2) Not cause any major current browsers to not display a document.
3) Not require the authors of major current browsers to change their code in
order to be minimally complient with HTML 2.0.

Now, here is something about which I am very unclear, but let me give it a
shot. If we for some reason said "HTML 2.0 shall use ISO10646 although
support for rendering characters beyond the ISO8859-1 subset is not required
for minimal complience", this does not mean that most browsers which
followed the preceeding rule would suddently be able to display Japanese(for
instance). It is likely that people running at least under MSWindows and the
Macintosh who do not have appropriate Japaneese fonts installed, etc, would
not be able to see Japaneese even if the browser was had appropriate
character codes and knew how to display them in the local fonts. Furthermore
it might be true that given the preceeding condition that non-localized
versions of browsers might not even be able to display Japaneese on a system
that supported Japaneese because the browser vendors choose not to include
mapping tables, and other such things which would increase the code size. On
the other hand browsers which were localized would recognize these ISO 10646
characters and be able to display them correctly on localized operating systems.

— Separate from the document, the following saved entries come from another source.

(* Let $\mathfrak{P}$ be a compactness-like topological property and $X$ a space. Then $\lambda_\mathfrak{P}X=\beta X$ if and only if $X$ has $\mathfrak{P}$.
   Context: All spaces are completely regular Hausdorff; $\beta X$ is the Stone–Čech compactification. $\mathrm{Coz}(X)$ is the set of cozero-sets of $X$. $\lambda_\mathfrak{P}X=\bigcup\{\mathrm{int}_{\beta X}\mathrm{cl}_{\beta X}C: C\in\mathrm{Coz}(X),\ \mathrm{cl}_XC\text{ has }\mathfrak{P}\}$. A topological property is compactness-like if it is hereditary to clopen subspaces, finitely additive (finite disjoint unions of closed subspaces with $\mathfrak{P}$ have $\mathfrak{P}$), invariant and inverse invariant under perfect surjections, and satisfies Mrówka's condition (W): if a space $Z$ has a point $p$ with an open base $\mathscr{B}$ at $p$ such that $Z\setminus B$ has $\mathfrak{P}$ for all $B\in\mathscr{B}$, then $Z$ has $\mathfrak{P}$. *)

From Stdlib Require Import Reals List.

Record space := Space {
  pt :> Type;
  is_open : (pt -> Prop) -> Prop;
  open_ext : forall U V : pt -> Prop, (forall x, U x <-> V x) -> is_open U -> is_open V;
  open_full : is_open (fun _ => True);
  open_inter : forall U V, is_open U -> is_open V -> is_open (fun x => U x /\ V x);
  open_union : forall (I : Type) (F : I -> pt -> Prop),
      (forall i, is_open (F i)) -> is_open (fun x => exists i, F i x)
}.

Definition closed (X : space) (A : X -> Prop) : Prop := is_open X (fun x => ~ A x).

Definition closure (X : space) (A : X -> Prop) (x : X) : Prop :=
  forall U, is_open X U -> U x -> exists y, U y /\ A y.

Definition interior (X : space) (A : X -> Prop) (x : X) : Prop :=
  exists U, is_open X U /\ U x /\ forall y, U y -> A y.

Definition image {X Y : Type} (f : X -> Y) (A : X -> Prop) (y : Y) : Prop :=
  exists x, A x /\ f x = y.

Definition sub_open (X : space) (A : X -> Prop) (V : {x : X | A x} -> Prop) : Prop :=
  exists U, is_open X U /\ forall x, V x <-> U (proj1_sig x).

Lemma sub_open_ext (X : space) (A : X -> Prop) :
  forall U V : {x : X | A x} -> Prop, (forall x, U x <-> V x) -> sub_open X A U -> sub_open X A V.
Proof.
  intros U V H [W [HW HU]]. exists W. split; [exact HW|].
  intros x. rewrite <- H. apply HU.
Qed.

Lemma sub_open_full (X : space) (A : X -> Prop) : sub_open X A (fun _ => True).
Proof. exists (fun _ => True). split; [apply open_full | tauto]. Qed.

So my question comes down to, how does this situation apply to the 3
questions I suggested above? Current practice is that browsers are (usually)
not localized. These non-localized browsers continue to not be able to
display non-ISO-8859-1 characters, but still be complient. New localized
browsers now have an "official" way to do their localization support. The
only browsers for which current practice is not described are those which
implement international support(characters beyond ISO8859-1) in some way
other than ISO10646. And I have not been hearing alot of people on this list
suggest that we should standardize on SJIS, etc.

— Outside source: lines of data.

(* Let $X\in\mathbb{R}^{n\times d}$, $y\in\mathbb{R}^n$, and let $g:\mathbb{R}^d\to(-\infty,\infty]$ be a proper lower semicontinuous convex function with $g(k\beta)=kg(\beta)$ for all $k\ge0$, $\beta\in\mathbb{R}^d$, such that there exists $\beta\in\mathrm{relint}(\mathrm{dom}(g))$ and $P(\beta):=\frac12\|y-X\beta\|_2^2+g(\beta)$ attains its infimum. Let $f(z)=\frac12\|y-z\|_2^2$, so $-f^\star(-\theta)=-\frac12\|\theta\|_2^2+y^\top\theta$, let $D(\theta)=-f^\star(-\theta)-g^\star(X^\top\theta)$, and let $\hat\theta$ be a maximizer of $D$. For $\tilde\beta\in\mathbb{R}^d$ define \[ u^{\mathrm{GM}}(\theta;\tilde\beta)=\begin{cases}-f^\star(-\theta) & \text{if } -f^\star(-\theta)\le P(\tilde\beta),\\ -\infty & \text{if } -f^\star(-\theta)>P(\tilde\beta).\end{cases} \] Then for all $\tilde\beta\in\mathbb{R}^d$, $\tilde\theta\in\mathrm{dom}(D)$ and $\theta\in\mathbb{R}^n$ we have $D(\theta)\le u^{\mathrm{GM}}(\theta;\tilde\beta)$, and hence \[ \hat\theta\in\{\theta\mid l(\theta;\tilde\theta)\le u^{\mathrm{GM}}(\theta;\tilde\beta)\}=\{\theta\mid -f^\star(-\theta)\le P(\tilde\beta)\ \land\ (\tilde\theta-\theta)^\top(y-\theta)\le0\}, \] where $l(\theta;\tilde\theta)=\frac12\|\theta-\tilde\theta\|_2^2+D(\tilde\theta)$.
   Context: $h^\star(v)=\sup_z v^\top z-h(z)$ is the Fenchel conjugate; $\mathrm{dom}(h)=\{z:|h(z)|<\infty\}$; $\mathrm{relint}$ is relative interior. *)

From HB Require Import structures.
From mathcomp Require Import all_boot all_order all_algebra.
From mathcomp Require Import all_classical all_reals all_analysis.
Set Implicit Arguments. Unset Strict Implicit. Unset Printing Implicit Defensive.
Import Order.TTheory GRing.Theory Num.Theory.
Import numFieldNormedType.Exports.
Local Open Scope classical_set_scope.
Local Open Scope ring_scope.

Section Defs.
Context {R : realType}.

Definition dotv {n : nat} (u v : 'cV[R]_n) : R := \sum_(i < n) u i 0 * v i 0.
Definition sqnorm2 {n : nat} (u : 'cV[R]_n) : R := dotv u u.

Definition fenchel {n : nat} (h : 'cV[R]_n -> \bar R) (v : 'cV[R]_n) : \bar R :=
  ereal_sup [set ((dotv v z)%:E - h z)%E | z in [set: 'cV[R]_n]].

Definition edom {n : nat} (h : 'cV[R]_n -> \bar R) : set 'cV[R]_n :=
  [set z | h z \is a fin_num].

Definition proper_fun {n : nat} (h : 'cV[R]_n -> \bar R) : Prop :=
  (forall z, h z != -oo%E) /\ (exists z, h z \is a fin_num).

Definition convex_efun {n : nat} (h : 'cV[R]_n -> \bar R) : Prop :=
  forall (x y : 'cV[R]_n) (t : R), 0 <= t <= 1 ->
    (h (t *: x + (1 - t) *: y)%R <= t%:E * h x + (1 - t)%:E * h y)%E.

Definition affine_hull {n : nat} (C : set 'cV[R]_n) : set 'cV[R]_n :=
  [set x | exists (m : nat) (w : 'I_m -> R) (p : 'I_m -> 'cV[R]_n),
      (forall i, C (p i)) /\ \sum_(i < m) w i = 1 /\ x = \sum_(i < m) w i *: p i].

Definition relint {n : nat} (C : set 'cV[R]_n) : set 'cV[R]_n :=
  [set x | C x /\ exists2 e : R, 0 < e &
      forall z, ball x e z -> affine_hull C z -> C z].

End Defs.

From HB Require Import structures.
From mathcomp Require Import all_boot all_order all_algebra.
From mathcomp Require Import all_classical all_reals all_analysis.
From mathcomp Require Import ring lra.
Import Order.TTheory GRing.Theory Num.Theory.
Import numFieldNormedType.Exports.
Local Open Scope classical_set_scope.
Local Open Scope ring_scope.

(* Positive homogeneity makes g^* take only the values 0 and +oo: it is the
   indicator of the convex set {v | v^T z <= g z for all z}.  Hence
   D(θ) = y^T θ - ‖θ‖²/2 on the convex dual-feasible set {θ | g^*(X^T θ) = 0}
   and D(θ) = -oo elsewhere, and Fenchel-Young for ‖.‖²/2 bounds D by P, which
   gives D <= u^GM.  On the feasible set D is 1-strongly concave, so at its
   maximizer D(θ̂) >= D(θ̃) + ‖θ̂ - θ̃‖²/2 = l(θ̂; θ̃).  Finally, expanding the
   quadratic around θ turns l(θ; θ̃) <= -f^*(-θ) into (θ̃ - θ)^T (y - θ) <= 0. *)

Section InnerProduct.
Context {R : realType} {n : nat}.
Implicit Types u v w : 'cV[R]_n.

Lemma dotvC u v : dotv u v = dotv v u.
Proof. by apply: eq_bigr => i _; rewrite mulrC. Qed.

Lemma dotvDl u v w : dotv (u + v) w = dotv u w + dotv v w.
Proof. by rewrite /dotv -big_split; apply: eq_bigr => i _; rewrite mxE mulrDl. Qed.

Lemma dotvZl a u w : dotv (a *: u) w = a * dotv u w.
Proof. by rewrite /dotv mulr_sumr; apply: eq_bigr => i _; rewrite mxE mulrA. Qed.

Lemma dotvNl u w : dotv (- u) w = - dotv u w.
Proof. by rewrite -scaleN1r dotvZl mulN1r. Qed.

Lemma dotvBl u v w : dotv (u - v) w = dotv u w - dotv v w.
Proof. by rewrite dotvDl dotvNl. Qed.

Lemma dotvDr u v w : dotv w (u + v) = dotv w u + dotv w v.
Proof. by rewrite !(dotvC w) dotvDl. Qed.

Lemma dotvZr a u w : dotv w (a *: u) = a * dotv w u.
Proof. by rewrite !(dotvC w) dotvZl. Qed.

Lemma dotvNr u w : dotv w (- u) = - dotv w u.
Proof. by rewrite !(dotvC w) dotvNl. Qed.

Lemma dotvBr u v w : dotv w (u - v) = dotv w u - dotv w v.
Proof. by rewrite dotvDr dotvNr. Qed.

Lemma dotv0r u : dotv u 0 = 0.
Proof. by rewrite -(scale0r 0) dotvZr mul0r. Qed.

Lemma sqnorm2_ge0 u : 0 <= sqnorm2 u.
Proof. by apply: sumr_ge0 => i _; rewrite -expr2 sqr_ge0. Qed.

Lemma sqnorm2D u w : sqnorm2 (u + w) = sqnorm2 u + 2 * dotv u w + sqnorm2 w.
Proof. by rewrite /sqnorm2 dotvDl !dotvDr (dotvC w u); ring. Qed.

Lemma sqnorm2N u : sqnorm2 (- u) = sqnorm2 u.
Proof. by rewrite /sqnorm2 dotvNl dotvNr opprK. Qed.

Lemma sqnorm2Z a u : sqnorm2 (a *: u) = a ^+ 2 * sqnorm2 u.
Proof. by rewrite /sqnorm2 dotvZl dotvZr mulrA expr2. Qed.

End InnerProduct.

Lemma dotv_mulmx {R : realType} {n d : nat} (X : 'M[R]_(n, d)) th b :
  dotv th (X *m b) = dotv (X^T *m th) b.
Proof.
rewrite /dotv.
under eq_bigr do rewrite mxE big_distrr.
under [RHS]eq_bigr do rewrite mxE big_distrl.
rewrite exchange_big; apply: eq_bigr => j _; apply: eq_bigr => i _.
by rewrite /= mxE; ring.
Qed.

Lemma le0_of_quadratic_bound {R : realType} (a c : R) : 0 <= c ->
  (forall s, 0 < s <= 1 -> s * a <= 2^-1 * (s ^+ 2 * c)) -> a <= 0.
Proof.
move=> c_ge0 bound; rewrite leNgt; apply/negP => a_gt0.
have ac_gt0 : 0 < a + c by lra.
(* the bound fails at s = a / (a + c), where s (a + c) = a *)
set s := a / (a + c).
have s_gt0 : 0 < s by rewrite divr_gt0.
have s_le1 : s <= 1 by rewrite ler_pdivrMr // mul1r; lra.
have := bound s; rewrite s_gt0 s_le1 => /(_ isT).
have sE : s * (a + c) = a by rewrite /s divfK // gt_eqF.
have sc : s * c = a - s * a by rewrite -{1}sE; ring.
have sa_gt0 : 0 < s * a by rewrite mulr_gt0.
rewrite expr2 -mulrA sc; nra.
Qed.

Section DualQuadratic.
Context {R : realType} {n : nat}.
Implicit Types y th u w : 'cV[R]_n.

Definition dual_quad y th : R := dotv y th - 2^-1 * sqnorm2 th.

Lemma dual_quadD y u w :
  dual_quad y (u + w) = dual_quad y u + dotv (y - u) w - 2^-1 * sqnorm2 w.
Proof. by rewrite /dual_quad sqnorm2D dotvDr dotvBl; lra. Qed.

Lemma dual_quad_le_half_sqdist y th u :
  dual_quad y th <= 2^-1 * sqnorm2 (y - u) + dotv th u.
Proof.
have := sqnorm2_ge0 (y - u - th).
by rewrite sqnorm2D sqnorm2N dotvNr dotvBl /dual_quad (dotvC th u); lra.
Qed.

Lemma fenchel_half_sqdistN y th :
  (- fenchel (fun z => (2^-1 * sqnorm2 (y - z))%:E) (- th))%E = (dual_quad y th)%:E.
Proof.
suff -> : fenchel (fun z => (2^-1 * sqnorm2 (y - z))%:E) (- th) =
          (- dual_quad y th)%:E by rewrite -EFinN opprK.
apply/eqP; rewrite eq_le; apply/andP; split.
- apply: ge_ereal_sup => _ [z _ <-]; rewrite -EFinB lee_fin dotvNl.
  by have := dual_quad_le_half_sqdist y th z; lra.
- apply: ereal_sup_ubound; exists (y - th) => //.
  rewrite subKr -EFinB /dual_quad dotvNl dotvBr (dotvC th y) /sqnorm2.
  by congr EFin; lra.
Qed.

Lemma half_sqdist_add_dual_quad_le y th tht :
  (2^-1 * sqnorm2 (th - tht) + dual_quad y tht <= dual_quad y th) =
  (dotv (tht - th) (y - th) <= 0).
Proof.
have := dual_quadD y th (tht - th); rewrite addrC subrK (dotvC (y - th)).
rewrite -sqnorm2N opprB => ->.
by apply/idP/idP; lra.
Qed.

Lemma dual_quad_max_segment y th0 th1 :
  (forall s, 0 < s <= 1 ->
     dual_quad y (th0 + s *: (th1 - th0)) <= dual_quad y th0) ->
  2^-1 * sqnorm2 (th0 - th1) + dual_quad y th1 <= dual_quad y th0.
Proof.
move=> th0_max; rewrite half_sqdist_add_dual_quad_le dotvC.
apply: (le0_of_quadratic_bound _ _ (sqnorm2_ge0 (th1 - th0))) => s s01.
by have := th0_max s s01; rewrite dual_quadD dotvZr sqnorm2Z; lra.
Qed.

End DualQuadratic.

Section PositivelyHomogeneous.
Context {R : realType} {d : nat} {g : 'cV[R]_d -> \bar R}.
Hypothesis g_neqNy : forall z, g z != -oo%E.
Hypothesis g_hom : forall (k : R) (b : 'cV[R]_d), 0 <= k -> g (k *: b) = (k%:E * g b)%E.

Lemma homog_fun0 : g 0 = 0%E.
Proof. by have := @g_hom 0 0 (lexx 0); rewrite scale0r mul0e. Qed.

Lemma fenchel_homog_ge0 v : (0 <= fenchel g v)%E.
Proof.
apply: le_trans (ereal_sup_ubound _); last by exists 0.
by rewrite homog_fun0 dotv0r sube0.
Qed.

Lemma fenchel_le0P v :
  (fenchel g v <= 0)%E <-> (forall z, ((dotv v z)%:E <= g z)%E).
Proof.
have termE z : ((dotv v z)%:E - g z <= 0)%E = ((dotv v z)%:E <= g z)%E.
  move: (g_neqNy z); case: (g z) => [r| |] //= _; last by rewrite leey leNye.
  by rewrite -EFinB !lee_fin subr_le0.
split=> [v_le z | v_le]; last by apply: ge_ereal_sup => _ [z _ <-]; rewrite termE.
by rewrite -termE; apply: le_trans v_le; apply: ereal_sup_ubound; exists z.
Qed.

Lemma fenchel_homog_cases v : fenchel g v = 0%E \/ fenchel g v = +oo%E.
Proof.
have := fenchel_homog_ge0 v.
case gvE: (fenchel g v) => [s| |] //= s_ge0; [left | by right].
suff s_le0 : (s%:E <= 0)%E by apply/eqP; rewrite eq_le s_le0 s_ge0.
have {}s_ge0 : 0 <= s by rewrite -lee_fin.
rewrite -gvE; apply/fenchel_le0P => z; move: (g_neqNy z).
case gzE: (g z) => [r| |] // _; last by rewrite leey.
rewrite lee_fin leNgt; apply/negP => r_lt.
(* scaling z by k multiplies the gap v^T z - g z > 0, which exceeds s for large k *)
set k := (s + 1) / (dotv v z - r).
have gap_gt0 : 0 < dotv v z - r by rewrite subr_gt0.
have k_ge0 : 0 <= k by rewrite /k divr_ge0 //; [lra | exact: ltW].
have kE : k * (dotv v z - r) = s + 1 by rewrite /k divfK // gt_eqF.
have : ((dotv v (k *: z))%:E - g (k *: z) <= fenchel g v)%E.
  by apply: ereal_sup_ubound; exists (k *: z).
by rewrite gvE g_hom // gzE dotvZr -EFinM -EFinB lee_fin -mulrBr kE; lra.
Qed.

Lemma fenchel_homog_eq0_segment v w t : fenchel g v = 0%E -> fenchel g w = 0%E ->
  0 <= t <= 1 -> fenchel g (v + t *: (w - v)) = 0%E.
Proof.
move=> gv0 gw0 /andP[t_ge0 t_le1].
apply/eqP; rewrite eq_le fenchel_homog_ge0 andbT; apply/fenchel_le0P => z.
have /fenchel_le0P v_le : (fenchel g v <= 0)%E by rewrite gv0.
have /fenchel_le0P w_le : (fenchel g w <= 0)%E by rewrite gw0.
move: (v_le z) (w_le z) (g_neqNy z).
case: (g z) => [r| |] //= vz_le wz_le _; last by rewrite leey.
move: vz_le wz_le; rewrite !lee_fin dotvDl dotvZl dotvBl; nra.
Qed.

End PositivelyHomogeneous.

Section HomogeneousRegularizedLeastSquares.
Context {R : realType} {n d : nat} (X : 'M[R]_(n, d)) (y : 'cV[R]_n).
Context (g : 'cV[R]_d -> \bar R).
Hypothesis g_neqNy : forall z, g z != -oo%E.
Hypothesis g_hom : forall (k : R) (b : 'cV[R]_d), 0 <= k -> g (k *: b) = (k%:E * g b)%E.

Definition primal b := ((2^-1 * sqnorm2 (y - X *m b))%:E + g b)%E.
Definition dual th := ((dual_quad y th)%:E - fenchel g (X^T *m th))%E.

Lemma dual_feasibleE th :
  fenchel g (X^T *m th) = 0%E -> dual th = (dual_quad y th)%:E.
Proof. by rewrite /dual => ->; rewrite sube0. Qed.

Lemma fin_dual_feasible th : dual th \is a fin_num -> fenchel g (X^T *m th) = 0%E.
Proof. by rewrite /dual; case: (fenchel_homog_cases g_neqNy g_hom (X^T *m th)) => ->. Qed.

Lemma weak_duality th b :
  fenchel g (X^T *m th) = 0%E -> ((dual_quad y th)%:E <= primal b)%E.
Proof.
move=> feasible.
have /(fenchel_le0P g_neqNy)/(_ b) : (fenchel g (X^T *m th) <= 0)%E by rewrite feasible.
rewrite -dotv_mulmx /primal; move: (g_neqNy b).
case: (g b) => [r| |] //= _; last by move=> _; rewrite addey // leey.
rewrite -EFinD !lee_fin => th_le.
by have := dual_quad_le_half_sqdist y th (X *m b); lra.
Qed.

Lemma dual_le_uGM th b : (dual th <=
  if ((dual_quad y th)%:E <= primal b)%E then (dual_quad y th)%:E else -oo)%E.
Proof.
case: (fenchel_homog_cases g_neqNy g_hom (X^T *m th)) => feasible; last first.
  by rewrite /dual feasible /= leNye.
by rewrite dual_feasibleE // weak_duality.
Qed.

Lemma half_sqdist_add_dual_le_max th_max th : (forall th', (dual th' <= dual th_max)%E) ->
  dual th \is a fin_num ->
  ((2^-1 * sqnorm2 (th_max - th))%:E + dual th <= dual th_max)%E.
Proof.
move=> th_max_max /fin_dual_feasible th_feas.
have max_feas : fenchel g (X^T *m th_max) = 0%E.
  case: (fenchel_homog_cases g_neqNy g_hom (X^T *m th_max)) => // infeasible.
  by have := th_max_max th; rewrite dual_feasibleE // /dual infeasible /= leeNy_eq.
rewrite !dual_feasibleE // -EFinD lee_fin.
apply: dual_quad_max_segment => s /andP[s_gt0 s_le1].
rewrite -lee_fin -!dual_feasibleE //.
by rewrite mulmxDr -scalemxAr mulmxBr fenchel_homog_eq0_segment // ltW.
Qed.

End HomogeneousRegularizedLeastSquares.

Theorem theorem9 (R : realType) (n d : nat) (X : 'M[R]_(n, d)) (y : 'cV[R]_n)
  (g : 'cV[R]_d -> \bar R)
  (g_proper : proper_fun g)
  (g_lsc : lower_semicontinuous g)
  (g_convex : convex_efun g)
  (g_hom : forall (k : R) (b : 'cV[R]_d), 0 <= k -> g (k *: b) = (k%:E * g b)%E)
  (g_relint : exists b, relint (edom g) b)
  (P_attains : exists b0, forall b : 'cV[R]_d,
      ((2^-1 * sqnorm2 (y - X *m b0))%:E + g b0 <=
       (2^-1 * sqnorm2 (y - X *m b))%:E + g b)%E)
  (thetahat : 'cV[R]_n) :
  let P := fun b : 'cV[R]_d => ((2^-1 * sqnorm2 (y - X *m b))%:E + g b)%E in
  let f := fun z : 'cV[R]_n => (2^-1 * sqnorm2 (y - z))%:E in
  let D := fun th : 'cV[R]_n => (- fenchel f (- th) - fenchel g (X^T *m th))%E in
  (forall th, (D th <= D thetahat)%E) ->
  let uGM := fun (th : 'cV[R]_n) (bt : 'cV[R]_d) =>
    if (- fenchel f (- th) <= P bt)%E then (- fenchel f (- th))%E else -oo%E in
  let l := fun th tht : 'cV[R]_n => ((2^-1 * sqnorm2 (th - tht))%:E + D tht)%E in
  forall (bt : 'cV[R]_d) (tht : 'cV[R]_n), edom D tht ->
    (forall th, (D th <= uGM th bt)%E) /\
    [set th | (l th tht <= uGM th bt)%E] thetahat /\
    [set th | (l th tht <= uGM th bt)%E] =
    [set th | (- fenchel f (- th) <= P bt)%E /\ dotv (tht - th) (y - th) <= 0].
Proof.
move=> P f D D_max uGM l bt tht tht_dom.
have [g_neqNy _] := g_proper.
have fE th : (- fenchel f (- th))%E = (dual_quad y th)%:E := fenchel_half_sqdistN y th.
have DE : D = dual X y g by apply/funext => th; rewrite /D fE.
have D_le_uGM th : (D th <= uGM th bt)%E.
  by rewrite /uGM fE DE; exact: dual_le_uGM.
have Dtht : D tht = (dual_quad y tht)%:E.
  by rewrite DE dual_feasibleE // (fin_dual_feasible X y g g_neqNy g_hom) -?DE.
split=> //; split.
  apply: le_trans (D_le_uGM thetahat).
  by rewrite /l DE; apply: half_sqdist_add_dual_le_max; rewrite -?DE.
apply/seteqP; split=> th; rewrite /= /l /uGM fE Dtht -EFinD.
- by case: ifP => [_ | _ /eqP]; rewrite ?lee_fin ?half_sqdist_add_dual_quad_le.
- by case=> ->; rewrite lee_fin half_sqdist_add_dual_quad_le.
Qed.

disclaimers: My above discussion is based on what some others have said
currently works in some browsers or not. I have not personally verified
these aspects. I am not a SGML wizard and probably got some of my
terminology wrong. Besides which, I don't really care which way this issue
gets decided and would mostly like to see if get decided some way.

Alex Hopmann
ResNova Software, Inc.
hopmann@holonet.net